Exercise data
#####
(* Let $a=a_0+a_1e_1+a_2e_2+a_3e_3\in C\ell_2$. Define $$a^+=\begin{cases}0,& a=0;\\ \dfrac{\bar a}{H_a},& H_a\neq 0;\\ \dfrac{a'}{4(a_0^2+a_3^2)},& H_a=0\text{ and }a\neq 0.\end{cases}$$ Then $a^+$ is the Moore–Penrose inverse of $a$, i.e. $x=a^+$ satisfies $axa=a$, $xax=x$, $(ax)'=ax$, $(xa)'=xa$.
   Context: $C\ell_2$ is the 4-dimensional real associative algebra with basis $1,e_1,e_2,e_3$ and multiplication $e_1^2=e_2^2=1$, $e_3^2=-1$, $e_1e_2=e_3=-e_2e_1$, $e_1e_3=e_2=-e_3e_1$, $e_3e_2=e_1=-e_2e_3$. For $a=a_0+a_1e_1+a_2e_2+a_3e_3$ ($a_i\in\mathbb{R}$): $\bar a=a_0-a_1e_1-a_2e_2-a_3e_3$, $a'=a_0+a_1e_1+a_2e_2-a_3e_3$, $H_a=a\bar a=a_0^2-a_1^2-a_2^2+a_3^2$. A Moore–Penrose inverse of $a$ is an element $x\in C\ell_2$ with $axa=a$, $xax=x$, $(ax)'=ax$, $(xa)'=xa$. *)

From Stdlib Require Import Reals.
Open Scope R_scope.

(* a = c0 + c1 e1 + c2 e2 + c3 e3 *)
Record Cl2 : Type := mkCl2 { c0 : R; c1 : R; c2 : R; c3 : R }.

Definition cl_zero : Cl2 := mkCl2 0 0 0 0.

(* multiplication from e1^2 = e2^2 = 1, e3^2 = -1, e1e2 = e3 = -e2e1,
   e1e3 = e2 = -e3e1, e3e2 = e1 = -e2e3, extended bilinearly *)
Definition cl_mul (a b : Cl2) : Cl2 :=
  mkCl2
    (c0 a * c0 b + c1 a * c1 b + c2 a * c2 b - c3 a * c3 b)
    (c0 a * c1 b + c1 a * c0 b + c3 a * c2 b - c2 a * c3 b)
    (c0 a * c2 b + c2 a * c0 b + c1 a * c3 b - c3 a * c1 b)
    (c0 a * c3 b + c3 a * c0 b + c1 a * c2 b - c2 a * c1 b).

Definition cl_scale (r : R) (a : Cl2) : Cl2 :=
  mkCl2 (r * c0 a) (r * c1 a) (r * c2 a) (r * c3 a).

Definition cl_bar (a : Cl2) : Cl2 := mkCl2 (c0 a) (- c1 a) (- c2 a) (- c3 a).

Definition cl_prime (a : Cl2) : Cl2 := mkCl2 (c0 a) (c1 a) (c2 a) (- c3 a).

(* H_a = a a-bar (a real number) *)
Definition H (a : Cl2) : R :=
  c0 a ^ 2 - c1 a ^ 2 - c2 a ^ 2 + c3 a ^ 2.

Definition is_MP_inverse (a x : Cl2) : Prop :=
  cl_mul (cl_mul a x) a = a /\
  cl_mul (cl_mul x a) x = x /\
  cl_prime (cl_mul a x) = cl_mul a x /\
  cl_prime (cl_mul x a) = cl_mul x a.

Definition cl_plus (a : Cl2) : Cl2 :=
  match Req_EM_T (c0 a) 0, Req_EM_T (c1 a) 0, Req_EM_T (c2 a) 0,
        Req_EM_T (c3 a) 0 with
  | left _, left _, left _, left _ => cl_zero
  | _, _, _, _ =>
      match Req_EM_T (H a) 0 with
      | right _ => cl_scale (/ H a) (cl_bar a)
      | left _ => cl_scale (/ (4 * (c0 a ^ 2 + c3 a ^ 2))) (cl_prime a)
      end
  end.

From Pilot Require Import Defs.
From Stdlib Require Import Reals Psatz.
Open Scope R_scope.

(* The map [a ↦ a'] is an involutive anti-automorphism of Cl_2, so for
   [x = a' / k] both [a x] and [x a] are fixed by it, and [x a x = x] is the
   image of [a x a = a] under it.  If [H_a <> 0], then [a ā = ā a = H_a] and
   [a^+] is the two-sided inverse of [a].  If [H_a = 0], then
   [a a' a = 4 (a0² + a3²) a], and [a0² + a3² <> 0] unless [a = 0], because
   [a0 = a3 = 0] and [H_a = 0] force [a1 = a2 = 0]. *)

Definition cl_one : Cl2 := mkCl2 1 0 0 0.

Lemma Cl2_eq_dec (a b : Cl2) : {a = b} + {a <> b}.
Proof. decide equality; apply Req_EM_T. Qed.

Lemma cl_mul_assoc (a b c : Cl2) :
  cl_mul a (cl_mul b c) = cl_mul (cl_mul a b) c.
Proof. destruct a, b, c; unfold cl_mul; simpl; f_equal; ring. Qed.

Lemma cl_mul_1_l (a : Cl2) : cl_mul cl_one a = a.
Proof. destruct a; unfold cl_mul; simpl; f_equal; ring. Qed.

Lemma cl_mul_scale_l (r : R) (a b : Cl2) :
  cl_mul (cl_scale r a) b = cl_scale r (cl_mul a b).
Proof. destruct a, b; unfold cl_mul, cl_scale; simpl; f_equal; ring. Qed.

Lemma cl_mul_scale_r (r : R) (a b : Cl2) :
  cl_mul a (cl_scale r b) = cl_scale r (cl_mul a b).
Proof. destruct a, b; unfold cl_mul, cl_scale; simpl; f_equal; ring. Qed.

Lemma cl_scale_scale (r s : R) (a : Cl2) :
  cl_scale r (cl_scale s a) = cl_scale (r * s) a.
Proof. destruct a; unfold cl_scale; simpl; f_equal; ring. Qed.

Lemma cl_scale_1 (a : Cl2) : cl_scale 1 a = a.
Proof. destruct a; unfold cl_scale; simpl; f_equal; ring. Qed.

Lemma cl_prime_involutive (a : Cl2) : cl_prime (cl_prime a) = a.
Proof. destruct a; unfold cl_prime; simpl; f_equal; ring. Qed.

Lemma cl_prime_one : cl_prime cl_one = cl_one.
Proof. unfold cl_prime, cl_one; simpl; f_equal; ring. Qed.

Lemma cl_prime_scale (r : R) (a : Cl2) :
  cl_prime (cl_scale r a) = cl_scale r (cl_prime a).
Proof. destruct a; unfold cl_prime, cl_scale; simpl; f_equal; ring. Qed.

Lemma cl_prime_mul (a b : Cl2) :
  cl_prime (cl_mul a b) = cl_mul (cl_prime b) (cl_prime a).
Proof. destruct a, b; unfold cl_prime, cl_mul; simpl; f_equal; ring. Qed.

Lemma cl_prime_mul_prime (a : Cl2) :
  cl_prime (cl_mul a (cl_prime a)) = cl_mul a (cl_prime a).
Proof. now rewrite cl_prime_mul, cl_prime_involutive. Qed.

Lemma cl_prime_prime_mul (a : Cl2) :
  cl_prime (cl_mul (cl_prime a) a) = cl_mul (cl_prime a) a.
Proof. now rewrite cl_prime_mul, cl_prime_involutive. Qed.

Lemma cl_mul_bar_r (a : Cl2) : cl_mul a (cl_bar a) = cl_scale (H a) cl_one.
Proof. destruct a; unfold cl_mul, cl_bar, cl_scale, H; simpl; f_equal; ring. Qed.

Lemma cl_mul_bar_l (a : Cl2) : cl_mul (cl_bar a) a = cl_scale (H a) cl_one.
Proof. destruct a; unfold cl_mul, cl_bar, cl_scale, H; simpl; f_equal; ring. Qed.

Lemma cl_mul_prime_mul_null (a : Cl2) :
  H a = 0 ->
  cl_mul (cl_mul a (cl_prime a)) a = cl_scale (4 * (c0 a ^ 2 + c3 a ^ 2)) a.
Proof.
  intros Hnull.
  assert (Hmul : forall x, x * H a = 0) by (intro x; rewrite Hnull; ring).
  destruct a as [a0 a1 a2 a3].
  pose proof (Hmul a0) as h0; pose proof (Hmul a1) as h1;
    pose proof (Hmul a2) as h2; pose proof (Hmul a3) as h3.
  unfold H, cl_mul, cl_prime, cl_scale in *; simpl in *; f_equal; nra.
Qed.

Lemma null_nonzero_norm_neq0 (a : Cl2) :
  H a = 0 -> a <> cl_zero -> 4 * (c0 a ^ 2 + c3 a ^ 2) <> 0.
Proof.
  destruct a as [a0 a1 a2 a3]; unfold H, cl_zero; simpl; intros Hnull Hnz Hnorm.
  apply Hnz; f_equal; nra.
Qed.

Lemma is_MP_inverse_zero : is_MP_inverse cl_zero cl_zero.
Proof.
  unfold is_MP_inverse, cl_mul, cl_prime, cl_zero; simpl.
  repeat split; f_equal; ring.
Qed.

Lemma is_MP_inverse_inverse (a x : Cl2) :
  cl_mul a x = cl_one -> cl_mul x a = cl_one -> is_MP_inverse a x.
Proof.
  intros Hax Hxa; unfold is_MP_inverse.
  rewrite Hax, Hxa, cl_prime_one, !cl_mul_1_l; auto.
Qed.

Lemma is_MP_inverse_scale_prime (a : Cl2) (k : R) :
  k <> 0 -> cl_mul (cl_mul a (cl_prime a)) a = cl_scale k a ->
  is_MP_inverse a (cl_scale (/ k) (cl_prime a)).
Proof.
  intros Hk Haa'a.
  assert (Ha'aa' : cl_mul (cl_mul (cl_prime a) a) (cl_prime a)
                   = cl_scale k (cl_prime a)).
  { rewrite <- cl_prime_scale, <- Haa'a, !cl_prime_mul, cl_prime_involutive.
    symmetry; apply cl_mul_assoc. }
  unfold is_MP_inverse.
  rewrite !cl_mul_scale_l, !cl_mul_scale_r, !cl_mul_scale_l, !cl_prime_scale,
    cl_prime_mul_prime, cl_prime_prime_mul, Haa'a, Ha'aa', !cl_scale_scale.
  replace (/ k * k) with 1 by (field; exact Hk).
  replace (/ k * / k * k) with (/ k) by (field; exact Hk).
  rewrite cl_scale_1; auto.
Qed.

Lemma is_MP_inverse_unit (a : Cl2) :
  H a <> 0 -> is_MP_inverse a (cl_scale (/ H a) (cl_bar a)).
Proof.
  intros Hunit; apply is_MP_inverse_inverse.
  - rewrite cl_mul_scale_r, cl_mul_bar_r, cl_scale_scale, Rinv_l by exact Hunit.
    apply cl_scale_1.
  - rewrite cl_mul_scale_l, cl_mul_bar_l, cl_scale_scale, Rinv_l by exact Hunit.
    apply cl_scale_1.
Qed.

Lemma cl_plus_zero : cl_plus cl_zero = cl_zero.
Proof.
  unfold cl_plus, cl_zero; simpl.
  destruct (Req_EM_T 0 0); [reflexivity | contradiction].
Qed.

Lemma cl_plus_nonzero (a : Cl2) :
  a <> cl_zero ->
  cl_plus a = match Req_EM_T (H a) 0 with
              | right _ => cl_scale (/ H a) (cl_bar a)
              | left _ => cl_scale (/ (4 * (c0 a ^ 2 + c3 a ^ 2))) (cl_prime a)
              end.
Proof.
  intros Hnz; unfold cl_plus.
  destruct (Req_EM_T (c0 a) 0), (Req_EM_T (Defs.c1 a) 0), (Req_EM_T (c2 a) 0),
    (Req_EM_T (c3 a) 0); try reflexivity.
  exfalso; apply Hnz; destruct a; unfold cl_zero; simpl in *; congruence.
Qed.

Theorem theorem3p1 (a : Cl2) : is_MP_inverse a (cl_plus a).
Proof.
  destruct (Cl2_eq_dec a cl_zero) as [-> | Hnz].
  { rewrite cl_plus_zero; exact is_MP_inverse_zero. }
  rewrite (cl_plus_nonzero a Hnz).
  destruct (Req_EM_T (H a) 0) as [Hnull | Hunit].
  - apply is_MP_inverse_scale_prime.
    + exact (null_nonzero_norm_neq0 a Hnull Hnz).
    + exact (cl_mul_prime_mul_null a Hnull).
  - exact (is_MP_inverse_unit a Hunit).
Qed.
#####
What is being asked
Once you find the line with "Lemma Cl2_eq_dec (a" above, print it and every line after it up to and including the line with "Lemma cl_scale_scale (r", exactly as written and nothing else.

Reply to the task
Lemma Cl2_eq_dec (a b : Cl2) : {a = b} + {a <> b}.
Proof. decide equality; apply Req_EM_T. Qed.

Lemma cl_mul_assoc (a b c : Cl2) :
  cl_mul a (cl_mul b c) = cl_mul (cl_mul a b) c.
Proof. destruct a, b, c; unfold cl_mul; simpl; f_equal; ring. Qed.

Lemma cl_mul_1_l (a : Cl2) : cl_mul cl_one a = a.
Proof. destruct a; unfold cl_mul; simpl; f_equal; ring. Qed.

Lemma cl_mul_scale_l (r : R) (a b : Cl2) :
  cl_mul (cl_scale r a) b = cl_scale r (cl_mul a b).
Proof. destruct a, b; unfold cl_mul, cl_scale; simpl; f_equal; ring. Qed.

Lemma cl_mul_scale_r (r : R) (a b : Cl2) :
  cl_mul a (cl_scale r b) = cl_scale r (cl_mul a b).
Proof. destruct a, b; unfold cl_mul, cl_scale; simpl; f_equal; ring. Qed.

Lemma cl_scale_scale (r s : R) (a : Cl2) :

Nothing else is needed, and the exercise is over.